**WHAT IS NEEDED:** For the records that follow, please set down exactly the lines between the one holding "Lemma measurable_grid_box k" and the one holding "suff -> : D = \bigcup_p F p.", inclusive, and only those.

**** AVAILABLE DATA ****

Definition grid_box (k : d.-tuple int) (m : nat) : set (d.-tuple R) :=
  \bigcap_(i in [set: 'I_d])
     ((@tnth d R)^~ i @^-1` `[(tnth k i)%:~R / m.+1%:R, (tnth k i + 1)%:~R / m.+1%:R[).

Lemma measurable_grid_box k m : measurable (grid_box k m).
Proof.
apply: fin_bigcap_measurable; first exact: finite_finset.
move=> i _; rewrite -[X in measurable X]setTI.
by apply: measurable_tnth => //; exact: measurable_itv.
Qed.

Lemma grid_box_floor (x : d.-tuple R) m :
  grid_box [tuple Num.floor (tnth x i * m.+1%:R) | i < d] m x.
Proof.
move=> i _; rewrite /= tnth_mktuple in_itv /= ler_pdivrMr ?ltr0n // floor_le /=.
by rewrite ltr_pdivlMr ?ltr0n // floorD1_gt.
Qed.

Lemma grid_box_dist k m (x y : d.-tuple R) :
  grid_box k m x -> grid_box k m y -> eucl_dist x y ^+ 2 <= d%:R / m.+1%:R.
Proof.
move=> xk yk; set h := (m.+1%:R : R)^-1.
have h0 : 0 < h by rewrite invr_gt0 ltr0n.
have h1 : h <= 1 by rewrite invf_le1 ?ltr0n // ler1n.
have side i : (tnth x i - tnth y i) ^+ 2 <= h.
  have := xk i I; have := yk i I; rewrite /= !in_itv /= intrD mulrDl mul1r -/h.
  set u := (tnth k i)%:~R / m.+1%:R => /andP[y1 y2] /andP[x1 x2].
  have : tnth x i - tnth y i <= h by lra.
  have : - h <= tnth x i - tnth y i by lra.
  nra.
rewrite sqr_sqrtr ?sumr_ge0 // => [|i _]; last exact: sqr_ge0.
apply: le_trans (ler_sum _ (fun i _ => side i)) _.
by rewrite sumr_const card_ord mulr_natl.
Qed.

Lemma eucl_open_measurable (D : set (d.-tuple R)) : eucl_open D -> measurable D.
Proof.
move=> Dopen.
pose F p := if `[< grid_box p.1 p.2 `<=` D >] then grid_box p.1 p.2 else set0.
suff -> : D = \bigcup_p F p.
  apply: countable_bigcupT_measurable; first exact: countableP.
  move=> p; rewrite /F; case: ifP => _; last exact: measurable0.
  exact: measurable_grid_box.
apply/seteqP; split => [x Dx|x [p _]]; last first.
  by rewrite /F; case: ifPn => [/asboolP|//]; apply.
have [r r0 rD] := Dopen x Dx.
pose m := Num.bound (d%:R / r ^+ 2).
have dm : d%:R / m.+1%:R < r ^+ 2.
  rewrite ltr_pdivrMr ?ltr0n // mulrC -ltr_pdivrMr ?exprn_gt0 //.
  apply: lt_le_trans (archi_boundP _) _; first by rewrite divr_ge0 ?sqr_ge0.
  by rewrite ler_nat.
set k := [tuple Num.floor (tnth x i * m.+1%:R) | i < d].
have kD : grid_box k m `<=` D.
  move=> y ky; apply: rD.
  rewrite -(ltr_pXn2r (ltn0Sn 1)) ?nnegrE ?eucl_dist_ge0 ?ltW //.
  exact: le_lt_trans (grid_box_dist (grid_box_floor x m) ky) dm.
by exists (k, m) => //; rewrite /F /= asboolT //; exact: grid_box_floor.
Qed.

****

**WRITTEN ANSWER:**
Lemma measurable_grid_box k m : measurable (grid_box k m).
Proof.
apply: fin_bigcap_measurable; first exact: finite_finset.
move=> i _; rewrite -[X in measurable X]setTI.
by apply: measurable_tnth => //; exact: measurable_itv.
Qed.

Lemma grid_box_floor (x : d.-tuple R) m :
  grid_box [tuple Num.floor (tnth x i * m.+1%:R) | i < d] m x.
Proof.
move=> i _; rewrite /= tnth_mktuple in_itv /= ler_pdivrMr ?ltr0n // floor_le /=.
by rewrite ltr_pdivlMr ?ltr0n // floorD1_gt.
Qed.

Lemma grid_box_dist k m (x y : d.-tuple R) :
  grid_box k m x -> grid_box k m y -> eucl_dist x y ^+ 2 <= d%:R / m.+1%:R.
Proof.
move=> xk yk; set h := (m.+1%:R : R)^-1.
have h0 : 0 < h by rewrite invr_gt0 ltr0n.
have h1 : h <= 1 by rewrite invf_le1 ?ltr0n // ler1n.
have side i : (tnth x i - tnth y i) ^+ 2 <= h.
  have := xk i I; have := yk i I; rewrite /= !in_itv /= intrD mulrDl mul1r -/h.
  set u := (tnth k i)%:~R / m.+1%:R => /andP[y1 y2] /andP[x1 x2].
  have : tnth x i - tnth y i <= h by lra.
  have : - h <= tnth x i - tnth y i by lra.
  nra.
rewrite sqr_sqrtr ?sumr_ge0 // => [|i _]; last exact: sqr_ge0.
apply: le_trans (ler_sum _ (fun i _ => side i)) _.
by rewrite sumr_const card_ord mulr_natl.
Qed.

Lemma eucl_open_measurable (D : set (d.-tuple R)) : eucl_open D -> measurable D.
Proof.
move=> Dopen.
pose F p := if `[< grid_box p.1 p.2 `<=` D >] then grid_box p.1 p.2 else set0.
suff -> : D = \bigcup_p F p.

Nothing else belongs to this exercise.